The extreme speeds of reentering satellites also produces “a shockwave that compresses nitrogen in the atmosphere and makes it react with oxygen, producing nitrogen oxides,” says McDowell. Nitrogen oxides, too, damage atmospheric ozone. Currently, 50% of the ozone depletion caused by satellite burn-ups and rocket launches comes from the effects of nitrogen oxides. The soot that rockets produce alters the atmosphere’s thermal balance too.
In some ways, high-altitude atmospheric pollution is nothing new. Every year, about 18,000 tons of meteorites vaporize in the mesosphere. Even 10 years from now, if all planned mega-constellations get developed, the quantity of natural space rock burning up during its fall to Earth will exceed the amount of incinerated space junk by a factor of five.
That, however, is no comfort to researchers like McDowell and Barker. Meteorites contain only trace amounts of aluminum, and their atmospheric disintegration is faster, meaning they produce less nitrogen oxide, says Barker.
“The amount of nitrogen oxides we’re getting [from satellite reentries and rocket launches] is already at the lower end of our yearly estimates of what the natural emissions of nitrogen oxides [from meteorites] are,” said Barker. “It’s certainly a concern, because we might soon be doing more to the atmosphere than naturally occurs.”
The annual amount of alumina from satellite reentries is also already approaching that arising from incinerated meteorites. Under current worse-case scenarios, the human-made contribution of this pollutant will be 10 times the amount from natural sources by 2040.
Impact on Earth?
What exactly does all this mean for life on Earth? At this stage, nobody’s certain. Studies focusing on various components of the air pollution cocktail from satellite and rocket activity are trickling in at a steady rate.
Barker says computer modeling puts the current contribution of the space industry to overall ozone depletion at a minuscule 0.1%. But how much this share will grow 10, 20, or 50 years from now, nobody knows. There are way too many uncertainties in this equation, including the size of the particles—which will affect how long they will take to sink—and the ratio of particles to gaseous by-products.

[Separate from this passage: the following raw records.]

(* Let $(M,\circ)$ be a fuzzy $\Gamma$-hypersemigroup. Then for all $a,b\in M$, $\alpha,\beta\in\Gamma$ and all fuzzy subsets $\mu,\nu,\delta$ of $M$: (i) $a\circ\alpha\circ(b\circ\beta\circ\mu)=(a\circ\alpha\circ b)\circ\beta\circ\mu$; (ii) $a\circ\alpha\circ(\mu\circ\beta\circ b)=(a\circ\alpha\circ\mu)\circ\beta\circ b$; (iii) $\mu\circ\alpha\circ(a\circ\beta\circ b)=(\mu\circ\alpha\circ a)\circ\beta\circ b$; (iv) $\mu\circ\alpha\circ(a\circ\beta\circ\nu)=(\mu\circ\alpha\circ a)\circ\beta\circ\nu$; (v) $a\circ\alpha\circ(\mu\circ\beta\circ\nu)=(a\circ\alpha\circ\mu)\circ\beta\circ\nu$; (vi) $\mu\circ\alpha\circ(\nu\circ\beta\circ a)=(\mu\circ\alpha\circ\nu)\circ\beta\circ a$; (vii) $\mu\circ\alpha\circ(\nu\circ\beta\circ\delta)=(\mu\circ\alpha\circ\nu)\circ\beta\circ\delta$.
   Context: $M,\Gamma$ are nonempty sets; a fuzzy subset of $M$ is a map $M\to[0,1]$. A fuzzy $\Gamma$-hyperoperation assigns to each $(a,\gamma,b)\in M\times\Gamma\times M$ a fuzzy subset $a\circ\gamma\circ b$. For $a\in M$ and fuzzy $\mu$: $(a\circ\gamma\circ\mu)(r)=\bigvee_{t\in M}((a\circ\gamma\circ t)(r)\wedge\mu(t))$ if $\mu\ne0$, else $0$; $(\mu\circ\gamma\circ a)(r)=\bigvee_{t\in M}(\mu(t)\wedge(t\circ\gamma\circ a)(r))$ if $\mu\ne0$, else $0$. For fuzzy $\mu,\nu$: $(\mu\circ\gamma\circ\nu)(t)=\bigvee_{p,q\in M}(\mu(p)\wedge(p\circ\gamma\circ q)(t)\wedge\nu(q))$. Since $a\circ\alpha\circ b$ is itself a fuzzy subset, expressions like $(a\circ\alpha\circ b)\circ\beta\circ\mu$ use these definitions. $(M,\circ)$ is a fuzzy $\Gamma$-hypersemigroup if $(a\circ\alpha\circ b)\circ\beta\circ c=a\circ\alpha\circ(b\circ\beta\circ c)$ for all $a,b,c\in M$, $\alpha,\beta\in\Gamma$. *)

From HB Require Import structures.
From mathcomp Require Import all_boot all_order all_algebra.
From mathcomp Require Import boolp classical_sets reals.
Set Implicit Arguments. Unset Strict Implicit. Unset Printing Implicit Defensive.
Import Order.TTheory GRing.Theory Num.Theory.
Local Open Scope ring_scope.
Local Open Scope classical_set_scope.

Section Fuzzy.
Variables (R : realType) (M G : Type).

Definition is_fuzzy (mu : M -> R) : Prop := forall x, 0 <= mu x <= 1.

Definition fuzzy_Gamma_hyperop (h : M -> G -> M -> M -> R) : Prop :=
  forall a g b, is_fuzzy (h a g b).

Definition el_fz (h : M -> G -> M -> M -> R) (a : M) (g : G) (mu : M -> R)
  : M -> R := fun r =>
  if `[< mu = (fun _ => 0) >] then 0
  else sup [set Num.min (h a g t r) (mu t) | t in [set: M]].

Definition fz_el (h : M -> G -> M -> M -> R) (mu : M -> R) (g : G) (a : M)
  : M -> R := fun r =>
  if `[< mu = (fun _ => 0) >] then 0
  else sup [set Num.min (mu t) (h t g a r) | t in [set: M]].

Definition fz_fz (h : M -> G -> M -> M -> R) (mu : M -> R) (g : G) (nu : M -> R)
  : M -> R := fun t =>
  sup [set Num.min (Num.min (mu pq.1) (h pq.1 g pq.2 t)) (nu pq.2)
      | pq in [set: M * M]].

Definition fuzzy_Gamma_hypersemigroup (h : M -> G -> M -> M -> R) : Prop :=
  fuzzy_Gamma_hyperop h /\
  forall (a b c : M) (al be : G),
    fz_el h (h a al b) be c = el_fz h a al (h b be c).

End Fuzzy.

From HB Require Import structures.
From mathcomp Require Import all_boot all_order all_algebra.
From mathcomp Require Import boolp classical_sets reals.
From Stdlib Require Import Setoid.
Set Implicit Arguments. Unset Strict Implicit. Unset Printing Implicit Defensive.
Import Order.TTheory GRing.Theory Num.Theory.
Local Open Scope ring_scope.
Local Open Scope classical_set_scope.

(* Identify an element a with the characteristic function of {a}: then a o g o mu,
   mu o g o a and a o g o b all become products of two fuzzy subsets, so (i)-(vi)
   are instances of the associativity (vii) of that product.  Comparing both sides
   of (vii) with an arbitrary bound z, and using that min distributes over sup,
   turns (vii) into the pointwise statement
     sup_u min (x, (p o al o s)(u), (u o be o t)(r))
       = sup_q min (x, (p o al o q)(r), (s o be o t)(q)),
   which is the hypersemigroup axiom for p, s, t with min x on both sides. *)

Section SupremumBounds.
Variable R : realType.

Lemma le_all_eq (x y : R) : (forall z, x <= z <-> y <= z) -> x = y.
Proof. by move=> xy; apply/le_anti/andP; split; [apply/xy | apply/(xy x)]. Qed.

Lemma range_ubound (T : Type) (f : T -> R) c :
  (forall t, f t <= c) -> has_ubound (range f).
Proof. by move=> f_le; exists c => _ [t _ <-]. Qed.

Variables (T : Type) (f : T -> R).
Hypothesis f_ub : has_ubound (range f).

Lemma sup_range_le (t0 : T) z : sup (range f) <= z <-> forall t, f t <= z.
Proof.
split=> [sup_le t | f_le].
  exact: le_trans (ub_le_sup f_ub (imageT f t)) sup_le.
by apply: ge_sup; [exists (f t0), t0 | move=> _ [t _ <-]].
Qed.

Lemma min_sup_range_le (t0 : T) x z :
  Num.min x (sup (range f)) <= z <-> forall t, Num.min x (f t) <= z.
Proof.
rewrite ge_min; split=> [/orP[x_le | /(sup_range_le t0) f_le] t | min_le].
- by rewrite ge_min x_le.
- by rewrite ge_min f_le orbT.
have [// | z_lt_x /=] := leP x z.
apply/(sup_range_le t0) => t.
by have := min_le t; rewrite ge_min leNgt z_lt_x.
Qed.

End SupremumBounds.

Section FuzzyProduct.
Variables (R : realType) (M G : Type) (h : M -> G -> M -> M -> R).
Hypothesis h_fuzzy : fuzzy_Gamma_hyperop h.

Let h_ge0 a g b r : 0 <= h a g b r. Proof. by case/andP: (h_fuzzy a g b r). Qed.
Let h_le1 a g b r : h a g b r <= 1. Proof. by case/andP: (h_fuzzy a g b r). Qed.
Let min_h_le1 x a g b r : Num.min x (h a g b r) <= 1.
Proof. by rewrite ge_min h_le1 orbT. Qed.

Definition fuzzy_point (a : M) : M -> R := fun x => if `[< x = a >] then 1 else 0.

Lemma fz_fz_ubound mu g nu r :
  has_ubound (range (fun pq => Num.min (Num.min (mu pq.1) (h pq.1 g pq.2 r)) (nu pq.2))).
Proof. by apply: (range_ubound (c := 1)) => pq; rewrite !ge_min h_le1 !orbT. Qed.

Lemma fz_fz_le mu g nu r z :
  fz_fz h mu g nu r <= z <->
  forall p q, Num.min (Num.min (mu p) (h p g q r)) (nu q) <= z.
Proof.
rewrite /fz_fz (sup_range_le (fz_fz_ubound _ _ _ _) (r, r)).
by split=> [le_z p q | le_z [p q]]; [exact: (le_z (p, q)) | exact: le_z].
Qed.

Lemma min_fz_fz_le x mu g nu r z :
  Num.min x (fz_fz h mu g nu r) <= z <->
  forall p q, Num.min x (Num.min (Num.min (mu p) (h p g q r)) (nu q)) <= z.
Proof.
rewrite /fz_fz (min_sup_range_le (fz_fz_ubound _ _ _ _) (r, r)).
by split=> [le_z p q | le_z [p q]]; [exact: (le_z (p, q)) | exact: le_z].
Qed.

(* The guard [mu = 0] in the definitions is harmless since [h] is nonnegative. *)
Lemma el_fzE a g mu r :
  el_fz h a g mu r = sup (range (fun t => Num.min (h a g t r) (mu t))).
Proof.
rewrite /el_fz; case: asboolP => [-> | //].
have -> : (fun t => Num.min (h a g t r) 0) = fun=> 0.
  by apply/funext => t; rewrite (min_r (h_ge0 _ _ _ _)).
apply: le_all_eq => z; rewrite (sup_range_le (range_ubound (c := 0) (fun=> lexx 0)) r).
by split=> [// | /(_ r)].
Qed.

Lemma fz_elE mu g a r :
  fz_el h mu g a r = sup (range (fun t => Num.min (mu t) (h t g a r))).
Proof.
rewrite /fz_el; case: asboolP => [-> | //].
have -> : (fun t => Num.min 0 (h t g a r)) = fun=> 0.
  by apply/funext => t; rewrite (min_l (h_ge0 _ _ _ _)).
apply: le_all_eq => z; rewrite (sup_range_le (range_ubound (c := 0) (fun=> lexx 0)) r).
by split=> [// | /(_ r)].
Qed.

Lemma el_fz_point a g mu : el_fz h a g mu = fz_fz h (fuzzy_point a) g mu.
Proof.
apply/funext => r; apply: le_all_eq => z; rewrite fz_fz_le el_fzE.
rewrite (sup_range_le (range_ubound (c := 1) _) r) => [|t]; last by rewrite ge_min h_le1.
split=> [le_z p q | le_z t]; last first.
  by have := le_z a t; rewrite /fuzzy_point asboolT // (min_r (h_le1 _ _ _ _)).
rewrite /fuzzy_point; case: asboolP => [-> | _].
  by rewrite (min_r (h_le1 _ _ _ _)).
by apply: le_trans (le_z q); rewrite le_min !ge_min h_ge0 lexx !orbT.
Qed.

Lemma fz_el_point mu g b : fz_el h mu g b = fz_fz h mu g (fuzzy_point b).
Proof.
apply/funext => r; apply: le_all_eq => z; rewrite fz_fz_le fz_elE.
rewrite (sup_range_le (range_ubound (c := 1) _) r) => [|t]; last exact: min_h_le1.
split=> [le_z p q | le_z t]; last first.
  by have := le_z t b; rewrite /fuzzy_point asboolT // (min_l (min_h_le1 _ _ _ _ _)).
rewrite /fuzzy_point; case: asboolP => [-> | _].
  by rewrite (min_l (min_h_le1 _ _ _ _ _)).
by apply: le_trans (le_z p); rewrite le_min !ge_min h_ge0 lexx !orbT.
Qed.

Lemma h_point a g b : h a g b = fz_fz h (fuzzy_point a) g (fuzzy_point b).
Proof.
apply/funext => r; apply: le_all_eq => z; rewrite fz_fz_le.
split=> [le_z p q | /(_ a b)]; last first.
  by rewrite /fuzzy_point !asboolT // (min_r (h_le1 _ _ _ _)) (min_l (h_le1 _ _ _ _)).
apply: le_trans le_z; rewrite /fuzzy_point.
by case: asboolP => [-> | _]; case: asboolP => [-> | _]; rewrite !ge_min ?lexx ?h_ge0 ?orbT.
Qed.

Hypothesis h_assoc :
  forall a b c al be, fz_el h (h a al b) be c = el_fz h a al (h b be c).

Lemma min_h_assoc_le a b c al be r x z :
  (forall u, Num.min x (Num.min (h a al b u) (h u be c r)) <= z) <->
  (forall t, Num.min x (Num.min (h a al t r) (h b be c t)) <= z).
Proof.
have := congr1 (fun f => f r) (h_assoc a b c al be); rewrite /= fz_elE el_fzE => eq_sup.
have ub f : has_ubound (range (fun t => Num.min (f t) (h t be c r))).
  by apply: (range_ubound (c := 1)) => t; exact: min_h_le1.
have ub' f : has_ubound (range (fun t => Num.min (h a al t r) (f t))).
  by apply: (range_ubound (c := 1)) => t; rewrite ge_min h_le1.
split=> le_z.
  by apply/(min_sup_range_le (ub' _) r); rewrite -eq_sup; exact/(min_sup_range_le (ub _) r).
by apply/(min_sup_range_le (ub _) r); rewrite eq_sup; exact/(min_sup_range_le (ub' _) r).
Qed.

Lemma fz_fzA mu al nu be de :
  fz_fz h mu al (fz_fz h nu be de) = fz_fz h (fz_fz h mu al nu) be de.
Proof.
have minAC3 (m1 m2 m3 x y : R) :
    Num.min (Num.min m1 x) (Num.min (Num.min m2 y) m3)
  = Num.min (Num.min (Num.min m1 m2) m3) (Num.min x y).
  by apply/le_anti; rewrite !le_min !ge_min !lexx /= ?orbT.
have minAC3r (m1 m2 m3 x y : R) :
    Num.min (Num.min x m3) (Num.min (Num.min m1 y) m2)
  = Num.min (Num.min (Num.min m1 m2) m3) (Num.min y x).
  by apply/le_anti; rewrite !le_min !ge_min !lexx /= ?orbT.
apply/funext => r; apply: le_all_eq => z; rewrite !fz_fz_le.
pose X p s t := Num.min (Num.min (mu p) (nu s)) (de t).
transitivity (forall p s t u, Num.min (X p s t) (Num.min (h p al s u) (h u be t r)) <= z).
  setoid_rewrite min_fz_fz_le; setoid_rewrite minAC3.
  split=> [le_z p s t | le_z p q s t].
    by apply/min_h_assoc_le => q; apply: le_z.
  by move: (le_z p s t) => /min_h_assoc_le; apply.
setoid_rewrite <- minA; setoid_rewrite (minC (fz_fz h mu al nu _)).
setoid_rewrite min_fz_fz_le; setoid_rewrite minAC3r.
by split=> le_z u t p s; apply: le_z.
Qed.

End FuzzyProduct.

Theorem theorem3p14 (R : realType) (M G : Type) (m0 : M) (g0 : G)
  (h : M -> G -> M -> M -> R) :
  fuzzy_Gamma_hypersemigroup h ->
  forall (a b : M) (al be : G) (mu nu de : M -> R),
    is_fuzzy mu -> is_fuzzy nu -> is_fuzzy de ->
    (el_fz h a al (el_fz h b be mu) = fz_fz h (h a al b) be mu /\
        el_fz h a al (fz_el h mu be b) = fz_el h (el_fz h a al mu) be b /\
        fz_fz h mu al (h a be b) = fz_el h (fz_el h mu al a) be b /\
        fz_fz h mu al (el_fz h a be nu) = fz_fz h (fz_el h mu al a) be nu /\
        el_fz h a al (fz_fz h mu be nu) = fz_fz h (el_fz h a al mu) be nu /\
        fz_fz h mu al (fz_el h nu be a) = fz_el h (fz_fz h mu al nu) be a /\
        fz_fz h mu al (fz_fz h nu be de) = fz_fz h (fz_fz h mu al nu) be de).
Proof.
move=> [h_fuzzy h_assoc] a b al be mu nu de _ _ _.
rewrite !(el_fz_point h_fuzzy) !(fz_el_point h_fuzzy) !(h_point h_fuzzy).
by do ![exact: fz_fzA | split].
Qed.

“We have to make a decision, as a society, whether we prioritize reducing space traffic or reducing emissions,” Barker says. “A lot of these increased reentry rates are because the global community is doing a really good job of cleaning up low-Earth-orbit space debris. But we really need to understand the environmental impact of those emissions so we can decide what is the best way for humanity to deal with all these objects in space.”
The disaster of 21st-century climate change was set in motion when humankind began burning fossil fuels in the mid-19th century. Similarly, it took 40 years for chlorofluorocarbons to eat a hole in Earth’s protective ozone layer. The contamination of Earth by so-called forever chemicals—per-and polyfluoroalkyl substances used in manufacturing nonstick coatings and firefighting foams—started in the 1950s. Researchers like McDowell are concerned the story may repeat yet again.

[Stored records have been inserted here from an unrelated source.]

Lemma cone_separation x : ~ A x ->
  exists g, [/\ X g, g x < 0 & forall u, `|g u| <= `|u|].
Proof.
move=> Ax; have [g [gS g1 [delta delta0 gsep]]] := closed_convex_separation An clA convA Ax.
have linf : is_linear g by case: gS => -[].
have gx : g x < 0 by have := gsep 0 A0; rewrite (is_linear0 linf); lra.
exists g; split => //; split => //; split => [|c Ac]; first by case: gS.
rewrite leNgt; apply/negP => gc.
(* [g c < 0] would make [g] unbounded below on the cone [A] *)
pose t := (`|g x| + delta + 1) / (- g c).
have t0 : 0 < t by rewrite divr_gt0 ?oppr_gt0 //; have := normr_ge0 (g x); lra.
have := gsep _ (coneA (ltW t0) Ac); rewrite (is_linearZ linf).
have -> : t * g c = - (`|g x| + delta + 1) by rewrite /t; field; rewrite ?oppr_eq0 lt_eqF.
by have := ler_norm (- g x); rewrite normrN; lra.
Qed.

Lemma dual_sphere_cone_neq0 : A <> setT -> X !=set0.
Proof.
by move=> /eqP/setTPn[x /cone_separation[g [Xg _ _]]]; exists g.
Qed.

Lemma cone_neqT_dual_cone : A <> setT <-> dual_cone A <> [set (fun _ : Y => 0 : R)].
Proof.
split => [/eqP/setTPn[x /cone_separation[g [[_ gA] gx _]]] Aneq0|neq0 AT].
  by move: gA; rewrite Aneq0 => /= gE; rewrite gE ltxx in gx.
apply: neq0; apply/seteqP; split => [f [[linf _] fA]|f /= ->]; last by split => //; exact: is_dual0.
apply/funext => y /=; have := fA y; have := fA (- y).
by rewrite AT (is_linearN linf) => /(_ I) ? /(_ I) ?; lra.
Qed.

“Humanity’s activities in space have now gotten big enough that they are affecting the space environment in a similar way we have affected the oceans,” McDowell says. “The problem is that we’re making these changes without really understanding at what stage these changes will become concerning.”
Previous observation campaigns mostly analyzed the physical disintegration of reentering satellites. With the Cluster constellation, scientists hope to begin unraveling the chemical side of this elusive process. For researchers like Barker, that means finally getting data that could validate and further improve their models. The Cluster constellation will provide three more opportunities to fill the blanks in this environmental puzzle when the siblings of Salsa reenter in 2025 and 2026.
“The great thing with Cluster is that we have four satellites that are identical and that we know every detail about,” says Šilha. “It’s a scientist’s dream, because we can repeat the experiment and learn from every previous campaign.”